▸ **Exercise instructions**
Each line from the start of the listing below through the line containing "fun x => [set w | exists u, M" should be reproduced exactly, with no others.

▸ **Excerpted data**
(* Let $\mathcal{X}$ be a real Hilbert space, let $\mathbb{A},\mathbb{B},\mathbb{C}:\mathcal{X}\to 2^{\mathcal{X}}$ be maximal monotone operators with $\mathbb{C}$ $\beta$-cocoercive for some $\beta>0$ (so $\mathbb{C}$ is single-valued), let $\gamma>0$, and define $$T=\mathbb{J}_{\gamma\mathbb{C}}\circ\big(\mathbb{J}_{\gamma \mathbb{A}}\circ(2\mathbb{J}_{\gamma \mathbb{B}}-I-\gamma \mathbb{C}\mathbb{J}_{\gamma \mathbb{B}})+\gamma \mathbb{C}\mathbb{J}_{\gamma \mathbb{B}}\big)+ (I-\mathbb{J}_{\gamma \mathbb{B}}).$$ Then $$\operatorname{zer}(\mathbb{A}+\mathbb{B}+\mathbb{C})=\mathbb{J}_{\gamma\mathbb{B}}(\operatorname{Fix}T),$$ where $\operatorname{Fix}T=\{x+\gamma u\;:\;0\in(\mathbb{A}+\mathbb{B}+\mathbb{C})x,\ u\in(\mathbb{B}x)\cap(-\mathbb{A}x-\mathbb{C}x)\}$.
   Context: For a monotone operator $M$, $\mathbb{J}_{M}=(I+M)^{-1}$ is its resolvent ($I$ the identity on $\mathcal{X}$). $\operatorname{zer}(M)=\{x: 0\in Mx\}$. $\operatorname{Fix}T=\{z: Tz=z\}$ is the fixed-point set of $T$. An operator $\mathbb{C}$ is $\beta$-cocoercive if $\langle u-v,x-y\rangle\ge\beta\|u-v\|^2$ for all $x,y$, $u\in\mathbb{C}x$, $v\in\mathbb{C}y$. *)

From HB Require Import structures.
From mathcomp Require Import all_boot all_order all_algebra.
From mathcomp Require Import all_classical all_reals all_analysis.
Set Implicit Arguments. Unset Strict Implicit. Unset Printing Implicit Defensive.
Import Order.TTheory GRing.Theory Num.Theory.
Import numFieldNormedType.Exports.
Local Open Scope classical_set_scope.
Local Open Scope ring_scope.

(* A real Hilbert space is modelled as a complete normed space X over a
   realType R together with an inner product ip inducing the norm. *)
Definition inner_product (R : realType) (X : completeNormedModType R)
  (ip : X -> X -> R) : Prop :=
  [/\ (forall x y, ip x y = ip y x),
      (forall a x y z, ip (a *: x + y) z = a * ip x z + ip y z) &
      (forall x, ip x x = `|x| ^+ 2)].

Section Ops.
Context {R : realType} {X : completeNormedModType R}.

Definition op_id : X -> set X := fun x => [set x].
Definition op_add (M N : X -> set X) : X -> set X :=
  fun x => [set w | exists u v, M x u /\ N x v /\ w = u + v].
Definition op_scale (a : R) (M : X -> set X) : X -> set X :=
  fun x => [set w | exists u, M x u /\ w = a *: u].
Definition op_sub (M N : X -> set X) : X -> set X := op_add M (op_scale (-1) N).
Definition op_comp (M N : X -> set X) : X -> set X :=
  fun x => [set w | exists y, N x y /\ M y w].
Definition op_inv (M : X -> set X) : X -> set X := fun y => [set x | M x y].
Definition resolvent (M : X -> set X) : X -> set X := op_inv (op_add op_id M).
Definition zer (M : X -> set X) : set X := [set x | M x 0].
Definition Fix (T : X -> set X) : set X := [set z | T z z].
Definition op_image (M : X -> set X) (S : set X) : set X :=
  [set x | exists z, S z /\ M z x].

Definition monotone (ip : X -> X -> R) (M : X -> set X) : Prop :=
  forall x y u v, M x u -> M y v -> 0 <= ip (u - v) (x - y).
Definition maximal_monotone (ip : X -> X -> R) (M : X -> set X) : Prop :=
  monotone ip M /\
  forall M' : X -> set X, monotone ip M' -> (forall x, M x `<=` M' x) ->
    forall x, M' x `<=` M x.
Definition cocoercive (ip : X -> X -> R) (beta : R) (M : X -> set X) : Prop :=
  forall x y u v, M x u -> M y v -> beta * `|u - v| ^+ 2 <= ip (u - v) (x - y).
End Ops.

From Pilot Require Import Defs.
From HB Require Import structures.
From mathcomp Require Import all_boot all_order all_algebra.
From mathcomp Require Import all_classical all_reals all_analysis.
Import Order.TTheory GRing.Theory Num.Theory.
Import numFieldNormedType.Exports.
Local Open Scope classical_set_scope.
Local Open Scope ring_scope.
Set Implicit Arguments. Unset Strict Implicit.

(* Write a point as z = x + gamma b with b in B x. Monotonicity of B gives
   J_{gamma B} z = {x}, and cocoercivity makes C single-valued, C x = {c}, so
   every piece of T at z other than J_{gamma A} and J_{gamma C} evaluates, and
   z in T z reduces to
     x in J_{gamma C}(J_{gamma A}(x - gamma b - gamma c) + gamma c).
   Single-valuedness of C turns this into x in J_{gamma A}(x - gamma b - gamma c),
   i.e. a + b + c = 0 for some a in A x. *)

Lemma scale2_subD_eq (F : fieldType) (V : lmodType F) (g : F) (x a b c : V) :
  g != 0 -> (2 *: x - (x + g *: b) - g *: c = x + g *: a) <-> a + b + c = 0.
Proof.
move=> g_neq0.
have -> : 2 *: x - (x + g *: b) - g *: c = x + g *: a - g *: (a + b + c).
  rewrite scaler_nat mulr2n !scalerDr !opprD !addrA addrK.
  by rewrite addrAC [RHS]addrAC addrK.
split=> [|->]; last by rewrite scaler0 subr0.
rewrite -[RHS]addr0 => /addrI /eqP; rewrite oppr_eq0 scaler_eq0 (negbTE g_neq0).
by move/eqP.
Qed.

Section PointwiseCalculus.
Context {R : realType} {X : completeNormedModType R}.
Implicit Types (M N : X -> set X) (g k : R) (x y z m n : X).

Lemma op_scale_set1 k M x m : M x = [set m] -> op_scale k M x = [set k *: m].
Proof.
move=> Mx; apply/seteqP; split=> w; first by case=> u [+ ->]; rewrite Mx => ->.
by move=> ->; exists m; rewrite Mx.
Qed.

Lemma op_add_set1r M N x n : N x = [set n] -> op_add M N x = (+%R^~ n) @` M x.
Proof.
move=> Nx; apply/seteqP; split=> w.
- by case=> u [v [Mu [+ ->]]]; rewrite Nx => ->; exists u.
- by case=> u Mu <-; exists u, n; rewrite Nx.
Qed.

Lemma op_add_set1 M N x m n :
  M x = [set m] -> N x = [set n] -> op_add M N x = [set m + n].
Proof. by move=> Mx /op_add_set1r ->; rewrite Mx image_set1. Qed.

Lemma op_sub_set1 M N x m n :
  M x = [set m] -> N x = [set n] -> op_sub M N x = [set m - n].
Proof.
move=> Mx /(op_scale_set1 (-1)) Nx.
by rewrite /op_sub (op_add_set1 Mx Nx) scaleN1r.
Qed.

Lemma op_comp_set1r M N x y : N x = [set y] -> op_comp M N x = M y.
Proof.
move=> Nx; apply/seteqP; split=> w; first by case=> y' []; rewrite Nx => ->.
by move=> Myw; exists y; rewrite Nx.
Qed.

Lemma resolvent_scaleP M g z x :
  resolvent (op_scale g M) z x <-> exists2 b, M x b & z = x + g *: b.
Proof.
split; first by case=> _ [_ [-> [[b [Mb ->]] ->]]]; exists b.
by case=> b Mb ->; exists x, (g *: b); split=> //; split=> //; exists b.
Qed.

Lemma zer_add3P A B C x :
  zer (op_add (op_add A B) C) x <->
  exists a b c, [/\ A x a, B x b, C x c & a + b + c = 0].
Proof.
split.
  by case=> ? [c [[a [b [Axa [Bxb ->]]]] [Cxc /esym sum0]]]; exists a, b, c.
case=> a [b [c [Axa Bxb Cxc sum0]]].
by exists (a + b), c; split; [exists a, b | ].
Qed.

Lemma op_sub_oppP A C x u :
  op_sub (op_scale (-1) A) C x u <->
  exists a c, [/\ A x a, C x c & a + u + c = 0].
Proof.
split.
  case=> ? [? [[a [Axa ->]] [[c [Cxc ->]] ->]]]; exists a, c; split=> //.
  by rewrite !scaleN1r addrA subrr add0r addNr.
case=> a [c [Axa Cxc sum0]]; exists (-1 *: a), (-1 *: c).
split; first by exists a.
split; first by exists c.
apply/eqP; move: sum0; rewrite !scaleN1r -opprD -addrA addrCA => /eqP.
by rewrite addr_eq0.
Qed.

End PointwiseCalculus.

Section InnerProduct.
Context {R : realType} {X : completeNormedModType R} (ip : X -> X -> R).
Hypothesis ip_inner : inner_product ip.

Lemma ip0l z : ip 0 z = 0.
Proof.
case: ip_inner => _ ipDl _; apply: (addrI (ip 0 z)).
by have := ipDl 1 0 0 z; rewrite scaler0 addr0 mul1r addr0 => <-.
Qed.

Lemma ipZl a x z : ip (a *: x) z = a * ip x z.
Proof. by case: ip_inner => _ ipDl _; rewrite -[_ *: x]addr0 ipDl ip0l addr0. Qed.

Lemma ipZr a x z : ip x (a *: z) = a * ip x z.
Proof. by case: ip_inner => ipC _ _; rewrite ipC ipZl ipC. Qed.

Lemma ip0r z : ip z 0 = 0.
Proof. by case: ip_inner => ipC _ _; rewrite ipC ip0l. Qed.

Lemma sqr_norm_le0 (v : X) : `|v| ^+ 2 <= 0 -> v = 0.
Proof.
by move=> le0; apply/normr0_eq0/eqP; rewrite -sqrf_eq0 eq_le le0 exprn_ge0.
Qed.

Lemma monotone_resolvent_set1 (M : X -> set X) g x b :
  Defs.monotone ip M -> 0 < g -> M x b ->
  resolvent (op_scale g M) (x + g *: b) = [set x].
Proof.
move=> monoM g_gt0 Mxb; apply/seteqP; split=> y; last first.
  by move->; apply/resolvent_scaleP; exists b.
case/resolvent_scaleP=> b' Myb' Exy.
have Dxy : x - y = - g *: (b - b').
  apply/eqP; rewrite scaleNr -scalerN opprB scalerBr subr_eq.
  by rewrite addrC addrA -Exy addrK.
suff eq_b : b' = b by move: Exy; rewrite eq_b => /addIr.
apply/eqP; rewrite eq_sym -subr_eq0; apply/eqP/sqr_norm_le0.
case: ip_inner (monoM _ _ _ _ Mxb Myb') => _ _ ipxx.
by rewrite Dxy ipZr ipxx mulNr oppr_ge0 pmulr_rle0.
Qed.

Lemma cocoercive_set1 (C : X -> set X) beta x c :
  0 < beta -> cocoercive ip beta C -> C x c -> C x = [set c].
Proof.
move=> beta_gt0 cocoC Cxc; apply/seteqP; split=> [c' Cxc'|_ ->//].
apply/eqP; rewrite -subr_eq0; apply/eqP/sqr_norm_le0.
by have := cocoC _ _ _ _ Cxc' Cxc; rewrite subrr ip0r pmulr_rle0.
Qed.

End InnerProduct.

Section SplittingOperator.
Context {R : realType} {X : completeNormedModType R}.
Variables (A B C : X -> set X) (gamma : R).

Let J (M : X -> set X) := resolvent (op_scale gamma M).
Let gCJB := op_scale gamma (op_comp C (J B)).
Let S := op_sub (op_sub (op_scale 2 (J B)) op_id) gCJB.

Definition splitting_operator : X -> set X :=
  op_add (op_comp (J C) (op_add (op_comp (J A) S) gCJB)) (op_sub op_id (J B)).

Lemma splitting_operator_dom z w : splitting_operator z w ->
  exists x b c, [/\ B x b, C x c & z = x + gamma *: b].
Proof.
case=> _ [_ [[_ [[_ [_ [_ [[c [[x [JBzx Cxc]] _]] _]]]] _]] _]].
by case/resolvent_scaleP: JBzx => b Bxb ->; exists x, b, c.
Qed.

Variables (ip : X -> X -> R) (beta : R).
Hypotheses (ip_inner : inner_product ip) (monoB : Defs.monotone ip B)
  (beta_gt0 : 0 < beta) (cocoC : cocoercive ip beta C) (gamma_gt0 : 0 < gamma).

Lemma splitting_operator_fixP x b c : B x b -> C x c ->
  splitting_operator (x + gamma *: b) (x + gamma *: b) <->
  exists2 a, A x a & a + b + c = 0.
Proof.
move=> Bxb Cxc; set z := x + gamma *: b.
have JBz : J B z = [set x] :=
  monotone_resolvent_set1 ip_inner monoB gamma_gt0 Bxb.
have Cx : C x = [set c] := cocoercive_set1 ip_inner beta_gt0 cocoC Cxc.
have gCJBz : gCJB z = [set gamma *: c].
  by apply: op_scale_set1; rewrite (op_comp_set1r _ JBz).
have Sz : S z = [set 2 *: x - z - gamma *: c].
  exact: op_sub_set1 (op_sub_set1 (op_scale_set1 2 JBz) erefl) gCJBz.
have gamma_neq0 : gamma != 0 by rewrite gt_eqF.
rewrite /splitting_operator (op_add_set1r _ (op_sub_set1 erefl JBz)).
split.
- case=> p [y [Qzy JCyp]]; rewrite -[in RHS](subrKC x z) => /addIr Epx.
  move: Qzy JCyp; rewrite Epx (op_add_set1r _ gCJBz) => -[u JAu <-].
  case/resolvent_scaleP=> c'; rewrite Cx => -> /addIr Eux.
  move: JAu; rewrite (op_comp_set1r _ Sz) Eux => /resolvent_scaleP[a Axa].
  by move/(scale2_subD_eq _ _ _ _ gamma_neq0); exists a.
- case=> a Axa sum0; exists x; last by rewrite subrKC.
  exists (x + gamma *: c); split; last by apply/resolvent_scaleP; exists c.
  rewrite (op_add_set1r _ gCJBz); exists x => //.
  rewrite (op_comp_set1r _ Sz); apply/resolvent_scaleP; exists a => //.
  exact/(scale2_subD_eq _ _ _ _ gamma_neq0).
Qed.

Lemma Fix_splitting_operatorE :
  Fix splitting_operator = [set z | exists x u, z = x + gamma *: u /\
    zer (op_add (op_add A B) C) x /\ B x u /\ op_sub (op_scale (-1) A) C x u].
Proof.
apply/seteqP; split=> z.
- move=> Tzz; have [x [b [c [Bxb Cxc Ez]]]] := splitting_operator_dom Tzz.
  move: Tzz; rewrite /Fix /= Ez => /(splitting_operator_fixP Bxb Cxc)[a Axa sum0].
  exists x, b; split=> //; split; first by apply/zer_add3P; exists a, b, c.
  by split=> //; apply/op_sub_oppP; exists a, c.
- case=> x [u [-> [_ [Bxu /op_sub_oppP[a [c [Axa Cxc sum0]]]]]]].
  by apply/(splitting_operator_fixP Bxu Cxc); exists a.
Qed.

Lemma zer_eq_resolvent_image_Fix :
  zer (op_add (op_add A B) C) = op_image (J B) (Fix splitting_operator).
Proof.
rewrite Fix_splitting_operatorE; apply/seteqP; split=> x.
- move=> zer_x; case/zer_add3P: (zer_x) => a [b [c [Axa Bxb Cxc sum0]]].
  exists (x + gamma *: b); split; last by apply/resolvent_scaleP; exists b.
  exists x, b; split=> //; split=> //; split=> //.
  by apply/op_sub_oppP; exists a, c.
- case=> _ [[y [u [-> [zer_y [Byu _]]]]]].
  by rewrite /J (monotone_resolvent_set1 ip_inner monoB gamma_gt0 Byu) => ->.
Qed.

End SplittingOperator.

Theorem lemma2 (R : realType) (X : completeNormedModType R) (ip : X -> X -> R)
  (Hip : inner_product ip) (A B C : X -> set X) (beta gamma : R)
  (hA : maximal_monotone ip A) (hB : maximal_monotone ip B)
  (hC : maximal_monotone ip C) (hbeta : 0 < beta) (hCc : cocoercive ip beta C)
  (hgamma : 0 < gamma) :
  let JA := resolvent (op_scale gamma A) in
  let JB := resolvent (op_scale gamma B) in
  let JC := resolvent (op_scale gamma C) in
  let gCJB := op_scale gamma (op_comp C JB) in
  let T := op_add
             (op_comp JC (op_add
                (op_comp JA (op_sub (op_sub (op_scale 2 JB) op_id) gCJB))
                gCJB))
             (op_sub op_id JB) in
  zer (op_add (op_add A B) C) = op_image JB (Fix T) /\
  Fix T = [set z | exists x u, z = x + gamma *: u /\
                     zer (op_add (op_add A B) C) x /\
                     B x u /\ op_sub (op_scale (-1) A) C x u].
Proof.
move=> JA JB JC gCJB T.
(* folding T first keeps the conversion checks below fast *)
have -> : T = splitting_operator A B C gamma by [].
have monoB := proj1 hB.
split; first exact: (zer_eq_resolvent_image_Fix A Hip monoB hbeta hCc hgamma).
exact: (Fix_splitting_operatorE A Hip monoB hbeta hCc hgamma).
Qed.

▸ **Completed exercise**
(* Let $\mathcal{X}$ be a real Hilbert space, let $\mathbb{A},\mathbb{B},\mathbb{C}:\mathcal{X}\to 2^{\mathcal{X}}$ be maximal monotone operators with $\mathbb{C}$ $\beta$-cocoercive for some $\beta>0$ (so $\mathbb{C}$ is single-valued), let $\gamma>0$, and define $$T=\mathbb{J}_{\gamma\mathbb{C}}\circ\big(\mathbb{J}_{\gamma \mathbb{A}}\circ(2\mathbb{J}_{\gamma \mathbb{B}}-I-\gamma \mathbb{C}\mathbb{J}_{\gamma \mathbb{B}})+\gamma \mathbb{C}\mathbb{J}_{\gamma \mathbb{B}}\big)+ (I-\mathbb{J}_{\gamma \mathbb{B}}).$$ Then $$\operatorname{zer}(\mathbb{A}+\mathbb{B}+\mathbb{C})=\mathbb{J}_{\gamma\mathbb{B}}(\operatorname{Fix}T),$$ where $\operatorname{Fix}T=\{x+\gamma u\;:\;0\in(\mathbb{A}+\mathbb{B}+\mathbb{C})x,\ u\in(\mathbb{B}x)\cap(-\mathbb{A}x-\mathbb{C}x)\}$.
   Context: For a monotone operator $M$, $\mathbb{J}_{M}=(I+M)^{-1}$ is its resolvent ($I$ the identity on $\mathcal{X}$). $\operatorname{zer}(M)=\{x: 0\in Mx\}$. $\operatorname{Fix}T=\{z: Tz=z\}$ is the fixed-point set of $T$. An operator $\mathbb{C}$ is $\beta$-cocoercive if $\langle u-v,x-y\rangle\ge\beta\|u-v\|^2$ for all $x,y$, $u\in\mathbb{C}x$, $v\in\mathbb{C}y$. *)

From HB Require Import structures.
From mathcomp Require Import all_boot all_order all_algebra.
From mathcomp Require Import all_classical all_reals all_analysis.
Set Implicit Arguments. Unset Strict Implicit. Unset Printing Implicit Defensive.
Import Order.TTheory GRing.Theory Num.Theory.
Import numFieldNormedType.Exports.
Local Open Scope classical_set_scope.
Local Open Scope ring_scope.

(* A real Hilbert space is modelled as a complete normed space X over a
   realType R together with an inner product ip inducing the norm. *)
Definition inner_product (R : realType) (X : completeNormedModType R)
  (ip : X -> X -> R) : Prop :=
  [/\ (forall x y, ip x y = ip y x),
      (forall a x y z, ip (a *: x + y) z = a * ip x z + ip y z) &
      (forall x, ip x x = `|x| ^+ 2)].

Section Ops.
Context {R : realType} {X : completeNormedModType R}.

Definition op_id : X -> set X := fun x => [set x].
Definition op_add (M N : X -> set X) : X -> set X :=
  fun x => [set w | exists u v, M x u /\ N x v /\ w = u + v].
Definition op_scale (a : R) (M : X -> set X) : X -> set X :=
  fun x => [set w | exists u, M x u /\ w = a *: u].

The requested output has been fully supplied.